Городецкий. Ну, матушка, Виноградовым я никогда не был и не желаю быть. И что там ни говори, а мужики отлично понимают, что такое я и что -- Виноградов...

Серафима Сергеевна. Я начинаю убеждаться, что потрав и порубок прощать не следует. На той неделе простили, а вчера опять поймали в лесу с лыками! Маленькие молоденькие липки! Даже простой жалости к растениям нет...

Городецкий. Ты, матушка, кажется, скоро убедишься, что следует загонять мужицких гусей и поросят и потом заставлять отрабатывать убытки, как это делает и Виноградов и даже... твой родной батюшка...

Серафима Сергеевна. На что ты сердишься? Я тебе ничего не рекомендую. Я только вижу, что так нельзя, немыслимо вести хозяйство. Раньше ты все-таки давал понять, что рубить чужой лес нельзя, что мы сеем овес вовсе не для того, чтобы они пасли там свой скот.

Городецкий (сердито). То было раньше, а теперь другое... Из-за пустяков не стоит портить отношений... На грош экономии, а... а...

 

Из калитки идут приказчик и Степан.

 

Серафима Сергеевна (поднимаясь и уходя в дом). Еще какую-нибудь гадость тут услышишь... Предпочитаю не присутствовать. Чай тебе налит.

Приказчик (останавливая Степана). Погоди, не лезь! Стой здесь! Сними картуз-то: не в кабаке...

Степан. Постоим... Снимем... (Неохотно снимает картуз.)

Приказчик. Привел его... Здесь он!

Степан. Звали меня?

Городецкий.
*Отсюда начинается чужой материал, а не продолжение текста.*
Lemma tri_le_cpair a b s : (tri s <= cpair a b) = (s <= a + b).
Proof.
rewrite cpair_tri; case: (leqP s (a + b)) => h.
- by have := tri_mono h; lia.
- have := tri_mono h; rewrite triS; lia.
Qed.

Lemma diag_index_cpair a b : diag_index (cpair a b) = a + b.
Proof.
rewrite /diag_index; set step := fun _ _ => _.
have partial m : prim_rec 0 step m = minn m (a + b).
  elim: m => [|m IH] /=; first by rewrite min0n.
  by rewrite /step IH tri_le_cpair; case: (leqP m.+1 (a + b)) => h /=; lia.
by rewrite partial; apply/minn_idPr; rewrite cpair_tri; have := tri_ge (a + b); lia.
Qed.

Definition unpair2E := EApp2 subE (EVar 0) (EApp1 triE (EApp1 diagE (EVar 0))).
Definition unpair2 x := x - tri (diag_index x).
Lemma unpair2E_eval x : eval_expr unpair2E [:: x] = unpair2 x.
Proof. by rewrite /= subE_eval triE_eval diagE_eval. Qed.
Lemma unpair2E_ok : computable_expr unpair2E. Proof. done. Qed.
#[global] Hint Resolve unpair2E_ok : computable.
#[global] Opaque unpair2E.
Definition unpair1E := EApp2 subE (EApp1 diagE (EVar 0)) (EApp1 unpair2E (EVar 0)).
Definition unpair1 x := diag_index x - unpair2 x.
Lemma unpair1E_eval x : eval_expr unpair1E [:: x] = unpair1 x.
Proof. by rewrite /= subE_eval diagE_eval unpair2E_eval. Qed.
Lemma unpair1E_ok : computable_expr unpair1E. Proof. done. Qed.
#[global] Hint Resolve unpair1E_ok : computable.
#[global] Opaque unpair1E.

Lemma unpair2_cpair a b : unpair2 (cpair a b) = b.
Proof. by rewrite /unpair2 diag_index_cpair cpair_tri addKn. Qed.
Lemma unpair1_cpair a b : unpair1 (cpair a b) = a.
Proof. by rewrite /unpair1 unpair2_cpair diag_index_cpair addnK. Qed.

Lemma leq_cpair2 a b : b <= cpair a b.
Proof. rewrite cpair_tri; lia. Qed.

Definition tailE := EApp1 unpair2E (EApp1 predE (EVar 0)).
Definition code_tail c := unpair2 c.-1.
Lemma tailE_eval c : eval_expr tailE [:: c] = code_tail c.
Proof. by rewrite /= predE_eval unpair2E_eval. Qed.
Lemma tailE_ok : computable_expr tailE. Proof. done. Qed.
#[global] Hint Resolve tailE_ok : computable.
#[global] Opaque tailE.
Definition headE := EApp1 unpair1E (EApp1 predE (EVar 0)).
Definition code_head c := unpair1 c.-1.
Lemma headE_eval c : eval_expr headE [:: c] = code_head c.
Proof. by rewrite /= predE_eval unpair1E_eval. Qed.
Lemma headE_ok : computable_expr headE. Proof. done. Qed.
#[global] Hint Resolve headE_ok : computable.
#[global] Opaque headE.

Lemma unpair2_0 : unpair2 0 = 0. Proof. by rewrite /unpair2. Qed.
Lemma unpair1_0 : unpair1 0 = 0. Proof. by rewrite /unpair1 unpair2_0. Qed.
Lemma omega_classP l1 l2 : omega_class l1 = omega_class l2 <-> zero (l1 ++ fsum_opp l2).
Proof. by split => [/eqquotP/asboolP | z]; last apply/eqquotP/asboolP. Qed.

Lemma eq_omega_class l1 l2 : fcoef l1 =1 fcoef l2 -> omega_class l1 = omega_class l2.
Proof.
move=> E; apply/omega_classP; apply: (eq_omega_zero _ omega_zero_nil) => k.
by rewrite fcoef_cat fcoef_opp E subrr fcoef_nil.
Qed.

Lemma omega_class_repr (x : Omega) : omega_class (repr x) = x.
Proof. exact: reprK. Qed.

Lemma omega_class_ind (P : Omega -> Prop) : (forall l, P (omega_class l)) -> forall x, P x.
Proof. by move=> Pl x; rewrite -(omega_class_repr x). Qed.

Lemma repr_omega_class l : zero (repr (omega_class l) ++ fsum_opp l).
Proof. by apply/omega_classP; rewrite omega_class_repr. Qed.

Definition omega_add (x y : Omega) := omega_class (repr x ++ repr y).
Definition omega_opp (x : Omega) := omega_class (fsum_opp (repr x)).
Definition omega_null := omega_class [::].

Lemma omega_addE l1 l2 : omega_add (omega_class l1) (omega_class l2) = omega_class (l1 ++ l2).
Proof.
apply/omega_classP; apply: omega_zero_fcoefD (repr_omega_class l1) (repr_omega_class l2) => k.
rewrite !(fcoef_cat, fcoef_opp) opprD !addrA; congr (_ + _).
by rewrite -!addrA; congr (_ + _); rewrite addrC.
Qed.

Lemma omega_oppE l : omega_opp (omega_class l) = omega_class (fsum_opp l).
Proof.
apply/omega_classP; apply: (eq_omega_zero _ (omega_zero_opp (repr_omega_class l))) => k.
by rewrite !(fcoef_cat, fcoef_opp) opprD opprK addrC.
Qed.

Lemma omega_addA : associative omega_add.
Proof.
by elim/omega_class_ind => a; elim/omega_class_ind => b; elim/omega_class_ind => c;
  rewrite !omega_addE catA.
Qed.

Lemma omega_addC : commutative omega_add.
Proof.
elim/omega_class_ind => a; elim/omega_class_ind => b; rewrite !omega_addE.
by apply: eq_omega_class => k; rewrite !fcoef_cat addrC.
Qed.

Lemma omega_add0 : left_id omega_null omega_add.
Proof. by elim/omega_class_ind => a; rewrite omega_addE. Qed.

Lemma omega_addN : left_inverse omega_null omega_opp omega_add.
Proof.
elim/omega_class_ind => a; rewrite omega_oppE omega_addE.
by apply: eq_omega_class => k; rewrite fcoef_cat fcoef_opp addNr fcoef_nil.
Qed.

End OmegaQuotient.

HB.instance Definition _ (A : comNzRingType) (n : nat) := Choice.on (Omega A n).
HB.instance Definition _ (A : comNzRingType) (n : nat) :=
  GRing.isZmodule.Build (Omega A n)
    (@omega_addA A n) (@omega_addC A n) (@omega_add0 A n) (@omega_addN A n).

Section OmegaForms.
Variables (A : comNzRingType) (n : nat).
Implicit Types (l g : fsum A) (a x y : A) (b p q : seq A).
Local Notation class := (@omega_class A n).

Lemma omega_class_cat l1 l2 : class (l1 ++ l2) = class l1 + class l2.
Proof. by rewrite -omega_addE. Qed.

Lemma omega_class_cons c k l : class ((c, k) :: l) = class [:: (c, k)] + class l.
Proof. exact: omega_class_cat [:: (c, k)] l. Qed.

Lemma omega_class_opp l : class (fsum_opp l) = - class l.
Proof. by rewrite -omega_oppE. Qed.

Lemma omega_class_seq1 c k : class [:: (c, k)] = class [:: (1, k)] *~ c.
Proof.
have class0 : class [:: (0, k)] = 0.
  transitivity (class [::]); last by [].
  by apply: eq_omega_class => k'; rewrite /fcoef big_cons big_nil; case: ifP.
have classD c1 c2 : class [:: (c1 + c2, k)] = class [:: (c1, k)] + class [:: (c2, k)].
  rewrite -omega_class_cat; apply: eq_omega_class => k'.
  by rewrite fcoef_cat /fcoef !big_cons !big_nil; case: ifP; rewrite ?addr0.
have classn (j : nat) : class [:: (j%:Z, k)] = class [:: (1, k)] *+ j.
  by elim: j => [|j IH]; rewrite ?class0 // -addn1 PoszD classD IH mulrnDr.
case: c => j; first exact: classn.
by rewrite NegzE mulrNz -[LHS]/(class (fsum_opp [:: (j.+1%:Z, k)])) omega_class_opp classn.
Qed.

Lemma omega_class_gen g : omega_gen n g -> class g = 0.
Proof. by move=> gen_g; apply/omega_classP; rewrite /= cats0; apply: omega_zero_gen. Qed.

Lemma omega_class_eq0 l : class l = 0 -> omega_zero n l.
Proof. by move/omega_classP; rewrite /= cats0. Qed.

Definition omega_form a b : Omega A n := if size b == n then class [:: (1, (a, b))] else 0.

Lemma omega_class_elt l : omega_elt n l ->
  class l = fsum_eval (fun k => omega_form k.1 k.2) l.
Proof.
elim: l => [|[c [a b]] l IH]; first by rewrite /fsum_eval big_nil.
rewrite /= => /andP [/eqP sb /IH {}IH].
by rewrite omega_class_cons omega_class_seq1 IH /fsum_eval big_cons /omega_form sb eqxx.
Qed.

Lemma omega_elt_gen g : omega_gen n g -> omega_elt n g.
Proof.
have size_set b i z : size b = n -> (i < n)%N -> size (set_nth 0 b i z) == n.
  by move=> sb lt_in; rewrite size_set_nth sb; apply/eqP/maxn_idPr.
case=> {g} [a a' b sb | a b i x y sb lt_in | a b i x y sb lt_in | a b i j sb _ _ _ |
  a b i j sb lt_ij lt_jn];
  rewrite /omega_elt /= ?sb ?size_set ?eqxx //.
by apply/eqP/size_set => //; apply: ltn_trans lt_jn.
Qed.

Lemma omega_form_gen g : omega_gen n g -> fsum_eval (fun k => omega_form k.1 k.2) g = 0.
Proof.
by move=> gen_g; rewrite -omega_class_elt ?omega_class_gen ?omega_elt_gen.
Qed.

Lemma omega_form_size a b : size b != n -> omega_form a b = 0.
Proof. by rewrite /omega_form => /negbTE ->. Qed.

Lemma omega_formDl a a' b : omega_form (a + a') b = omega_form a b + omega_form a' b.
Proof.
have [sb|nsb] := eqVneq (size b) n; last by rewrite !omega_form_size ?addr0.
have := omega_form_gen (gen_addc a a' sb).
by rewrite fsum_eval3 => /subr0_eqD.
Qed.

Lemma omega_form0l b : omega_form 0 b = 0.
Proof. by apply: (addIr (omega_form 0 b)); rewrite -omega_formDl !add0r. Qed.

Lemma omega_formDr a p q x y :
  omega_form a (p ++ (x + y) :: q) = omega_form a (p ++ x :: q) + omega_form a (p ++ y :: q).
Proof.
have [sb|nsb] := eqVneq (size p + (size q).+1)%N n; last first.
  by rewrite !omega_form_size ?size_cat ?addr0.
have lt_pn : (size p < n)%N by rewrite -sb addnS ltnS leq_addr.
have := omega_form_gen (gen_adds a x y (etrans (size_cat p (0 :: q)) sb) lt_pn).
by rewrite !set_nth_cat_mid fsum_eval3 => /subr0_eqD.
Qed.

Lemma omega_formMr a p q x y : omega_form a (p ++ (x * y) :: q) =
  omega_form (a * x) (p ++ y :: q) + omega_form (a * y) (p ++ x :: q).
Proof.
have [sb|nsb] := eqVneq (size p + (size q).+1)%N n; last first.
  by rewrite !omega_form_size ?size_cat ?addr0.
have lt_pn : (size p < n)%N by rewrite -sb addnS ltnS leq_addr.
have := omega_form_gen (gen_leibniz a x y (etrans (size_cat p (0 :: q)) sb) lt_pn).
by rewrite !set_nth_cat_mid fsum_eval3 => /subr0_eqD.
Qed.

Lemma omega_form_swap a p q x y :
  omega_form a (p ++ x :: y :: q) = - omega_form a (p ++ y :: x :: q).
Proof.
have [sb|nsb] := eqVneq (size p + (size q).+2)%N n; last first.
  by rewrite !omega_form_size ?size_cat ?oppr0.
have lt_pp1 : (size p < size p + 1)%N by rewrite addn1.
have lt_p1n : (size p + 1 < n)%N by rewrite -sb addn1 !addnS !ltnS leq_addr.
have := omega_form_gen (gen_anti a (etrans (size_cat p (x :: y :: q)) sb) lt_pp1 lt_p1n).
by rewrite -[y :: q]/([::] ++ y :: q) swap_at_cat fsum_eval2 => /eqP; rewrite addr_eq0 => /eqP.
Qed.
End OmegaForms.

Lemma deriv_XnSM (R : comNzRingType) (k : nat) (Q : {poly R}) :
  exists Q' : {poly R}, ('X^(k.+1) * Q)^`() = 'X^k * Q'.
Proof. by exists (Q *+ k.+1 + 'X * Q^`()); rewrite derivM derivXn /= exprS; ring. Qed.

Section TruncatedPolynomials.
Variables (R : comNzRingType) (m : nat).
Local Notation Rm := (Rtrunc R m).
Implicit Types (u v : R) (x y : Rm).

Definition tmonomial u (k : nat) : Rm := Rincl m u * tvar R m ^+ k.

Lemma poly_tmonomial u k :
  (tmonomial u k : {poly R}) = if (k <= m)%N then u%:P * 'X^k else 0.
Proof.
have -> : tmonomial u k = in_qpoly 'X^(m.+1) (u%:P * 'X^k).
  rewrite rmorphM rmorphXn /=; congr (_ * _ ^+ _); apply: val_inj => /=.
  by rewrite mk_monic_Xn rmodp_small // size_polyXn (leq_ltn_trans (size_polyC_leq1 _)).
rewrite /= mk_monic_Xn; case: leqP => le_km.
  rewrite rmodp_small // size_polyXn (leq_ltn_trans (size_polyMleq _ _)) //.
  by rewrite size_polyXn addnS ltnS (leq_trans (leq_add (size_polyC_leq1 u) (leqnn k))).
by rewrite -(subnK le_km) exprD mulrA; apply/Pdiv.RingMonic.rmodp_mull/monicXn.
Qed.

Lemma coef_tmonomial u k j :
  (tmonomial u k : {poly R})`_j = if (k <= m)%N && (j == k) then u else 0.
Proof.
rewrite poly_tmonomial; case: (k <= m)%N; last by rewrite coef0.
by rewrite coefCM coefXn; case: eqP; rewrite ?mulr1 ?mulr0.
Qed.

Lemma Rincl_tmonomial u : Rincl m u = tmonomial u 0.
Proof. by rewrite /tmonomial expr0 mulr1. Qed.

Lemma tmonomialM u v k l : tmonomial u k * tmonomial v l = tmonomial (u * v) (k + l).
Proof. by rewrite /tmonomial /Rincl qpolyCM exprD; ring. Qed.

Lemma coef_Rtrunc_gt x j : (m < j)%N -> (x : {poly R})`_j = 0.
Proof.
move=> lt_mj; apply: nth_default; apply: leq_trans lt_mj.
by apply: leq_trans (size_npoly x) _; rewrite mk_monic_Xn size_polyXn.
Qed.
(* Let $M$ be a $\lambda$-term and $\vec x=\langle x_1,\dots,x_n\rangle$ a list of distinct variables with $FV(M)\subseteq\vec x$. There is a natural isomorphism of functors $((SD)^n)^{o}\times D\to\mathrm{Set}$ \[\llbracket M\rrbracket_{\vec x}\cong T_D(M)_{\vec x}.\]
   Context: $[n]=\{1,\dots,n\}$. Fix a class $\mathcal C$ of functions between finite ordinals equal to one of: all bijections, all injections, all surjections, all functions. For a small category $X$, $SX$ is the category whose objects are finite lists of objects of $X$ and whose morphisms $\langle x_1,\dots,x_n\rangle\to\langle y_1,\dots,y_m\rangle$ are $\langle\alpha,f_1,\dots,f_m\rangle$ with $\alpha:[m]\to[n]$ in $\mathcal C$, $f_i:x_{\alpha(i)}\to y_i$; composite of $\langle\alpha,\vec f\rangle$ then $\langle\beta,\vec g\rangle$ is $\langle\alpha\circ\beta,(g_i\circ f_{\beta(i)})_i\rangle$; tensor $\oplus$ is concatenation, unit $\langle\rangle$. Types: fix a small category $A$. $D=D_A$ is the colimit of $D_0=A$, $D_{k+1}=(SD_k)^{o}\times D_k\sqcup A$ along the canonical inclusions. Concretely its objects are $a::=o\mid\langle a_1,\dots,a_k\rangle\Rightarrow a$ ($o\in\mathrm{Ob}(A)$); its morphisms are those of $A$ between atoms, and $\langle\alpha,\vec f\rangle\Rightarrow f:(\vec a\Rightarrow a)\to(\vec a'\Rightarrow a')$ for $\langle\alpha,\vec f\rangle:\vec a'\to\vec a$ in $SD$ and $f:a\to a'$ in $D$ (composed componentwise); no others. $SD:=S(D_A)$. Contexts are objects $\Delta=\langle\vec a_1,\dots,\vec a_n\rangle$ of $(SD)^n$, written $x_1:\vec a_1,\dots,x_n:\vec a_n$; $\Gamma\otimes\Delta$ is componentwise concatenation; $\Delta\oplus\langle\vec a\rangle$ appends a component. For contexts $\Gamma_1,\dots,\Gamma_k$ and $\alpha:[k']\to[k]$ in $\mathcal C$, $\alpha^{\star}:\bigotimes_{i=1}^k\Gamma_i\to\bigotimes_{j=1}^{k'}\Gamma_{\alpha(j)}$ is, componentwise, the morphism $\langle\bar\alpha,\text{identities}\rangle$ where $\bar\alpha$ sends the $p$-th position of the $j$-th block (a copy of the block of $\Gamma_{\alpha(j)}$) to the $p$-th position of the $\alpha(j)$-th block. Denotation: for $FV(M)\subseteq\vec x$, $\llbracket M\rrbracket_{\vec x}:((SD)^n)^{o}\times D\to\mathrm{Set}$ is defined by induction (functorial action induced by hom-functors and universal property of coends; in the abstraction case a morphism $\langle\alpha,\vec f\rangle\Rightarrow f$ acts as $\llbracket M\rrbracket(1_\Delta\oplus\langle\alpha,\vec f\rangle,f)$): $\llbracket x_i\rrbracket_{\vec x}(\Delta,a)=(SD)^n(\Delta,\langle\langle\rangle,\dots,\langle a\rangle,\dots,\langle\rangle\rangle)$ ($\langle a\rangle$ in position $i$); $\llbracket\lambda x.M\rrbracket_{\vec x}(\Delta,a)=\llbracket M\rrbracket_{\vec x\oplus\langle x\rangle}(\Delta\oplus\langle\vec a'\rangle,a')$ if $a=\vec a'\Rightarrow a'$ and $\emptyset$ if $a$ is atomic; \[\llbracket MN\rrbracket_{\vec x}(\Delta,a)=\int^{\vec a=\langle a_1,\dots,a_k\rangle\in SD}\int^{\Gamma_0,\dots,\Gamma_k\in(SD)^n}\llbracket M\rrbracket_{\vec x}(\Gamma_0,\vec a\Rightarrow a)\times\prod_{i=1}^k\llbracket N\rrbracket_{\vec x}(\Gamma_i,a_i)\times(SD)^n\Big(\Delta,\bigotimes_{i=0}^k\Gamma_i\Big).\] Type system $E^S_A$ (judgments $\Delta\vdash M:a$, $\Delta\in(SD)^n$, $a\in D$; derivations record the morphisms used): (Var) from morphisms $f_j:\vec a_j\to\langle\rangle$ ($j\neq i$) and $f_i:\vec a_i\to\langle a\rangle$ in $SD$ infer $x_1:\vec a_1,\dots,x_n:\vec a_n\vdash x_i:a$; (Abs) from $\Delta,x:\vec a\vdash M:a$ infer $\Delta\vdash\lambda x.M:\vec a\Rightarrow a$; (App) from $\Gamma_0\vdash M:\langle a_1,\dots,a_k\rangle\Rightarrow a$, $\Gamma_i\vdash N:a_i$ ($1\le i\le k$) and a morphism $\eta:\Delta\to\bigotimes_{i=0}^k\Gamma_i$ in $(SD)^n$ infer $\Delta\vdash MN:a$. Right action of $\eta=\langle g_1,\dots,g_n\rangle:\Delta'\to\Delta$ on a derivation $\pi$ of $\Delta\vdash M:a$, giving $\pi\{\eta\}$ of $\Delta'\vdash M:a$: on Var replace each $f_j$ by $f_j\circ g_j$; on Abs apply $\{\eta\oplus\langle 1\rangle\}$ to the premise; on App replace the morphism $\theta$ by $\theta\circ\eta$. Left action of $g:a\to b$ in $D$, giving $[g]\pi$ of $\Delta\vdash M:b$: on Var replace $f_i$ by $\langle g\rangle\circ f_i$; on Abs with $g=\langle\alpha,\vec g\rangle\Rightarrow g'$ ($\langle\alpha,\vec g\rangle:\vec b\to\vec a$) the premise becomes $([g']\pi)\{1_\Delta\oplus\langle\alpha,\vec g\rangle\}$; on App apply $[1\Rightarrow g]$ to the premise for $M$. Congruence $\sim$: the smallest equivalence relation compatible with the typing rules and containing: (i) for $\langle\alpha,f_1,\dots,f_{k'}\rangle:\vec a=\langle a_1,\dots,a_k\rangle\to\vec b=\langle b_1,\dots,b_{k'}\rangle$ in $SD$, the App-derivation with premises $\pi_0$ of $\Gamma_0\vdash M:\vec b\Rightarrow a$, $[f_i]\pi_{\alpha(i)}$ of $\Gamma_{\alpha(i)}\vdash N:b_i$ ($1\le i\le k'$) and morphism $(1\otimes\alpha^{\star})\circ\eta$ is equivalent to the App-derivation with premises $[\langle\alpha,\vec f\rangle\Rightarrow 1]\pi_0$ of $\Gamma_0\vdash M:\vec a\Rightarrow a$, $\pi_i$ of $\Gamma_i\vdash N:a_i$ ($1\le i\le k$) and morphism $\eta:\Delta\to\bigotimes_{j=0}^k\Gamma_j$; (ii) for $\theta_j:\Gamma_j\to\Gamma'_j$, the App-derivation with premises $\pi_0\{\theta_0\},\pi_i\{\theta_i\}$ and morphism $\eta:\Delta\to\bigotimes\Gamma_j$ is equivalent to the one with premises $\pi_0,\pi_i$ (contexts $\Gamma'_j$) and morphism $(\bigotimes_j\theta_j)\circ\eta$. $T_D(M)_{\vec x}(\Delta,a)$ is the set of $\sim$-classes $\tilde\pi$ of derivations $\pi$ of $\Delta\vdash M:a$ in $E^S_A$, and for $\eta:\Delta'\to\Delta$, $f:a\to a'$ it maps $\tilde\pi$ to the class of $[f](\pi\{\eta\})$. *)

(* Concrete, "raw data + validity predicate" encoding of the categories       *)
(* D_A, SD, (SD)^n, of the Set-valued functors [[M]]_x and T_D(M)_x, and of    *)
(* natural isomorphisms between them.  Sets are represented as setoids        *)
(* (carrier type + validity predicate + equivalence relation on valid         *)
(* elements), which is how the coend / congruence quotients are expressed.    *)
From mathcomp Require Import all_boot.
Не звал, а велел привести.

Степан. Что меня вести-то... Сам приду... Не допускали, а то...

Городецкий. Чем ты там недоволен? Платой? Пищей?

Степан. Никаких неудовольствий я вам не заявляю... А если я выпимши сел в креслу, так неужто я вам этим убыток сделал?!

Городецкий. Ты, пожалуйста, дурака не ломай!

Приказчик. А что ты говорил, когда в кресле сидел? Ну-ка! Про землю ты что говорил?

Степан. Что сказал, то и сейчас повторю. Мне отпираться нет причины. Приказчик сказал: "Как это земля этаких жуликов носит", -- про меня это он. А я ему: "Земля, говорю, не ваша, а божья, и жулик тоже божий человек..." Верно! Что тут толковать? Все мы -- боговы, как я, так и барин, и ты, неправильный ты человек, и все движимое и недвижимое!..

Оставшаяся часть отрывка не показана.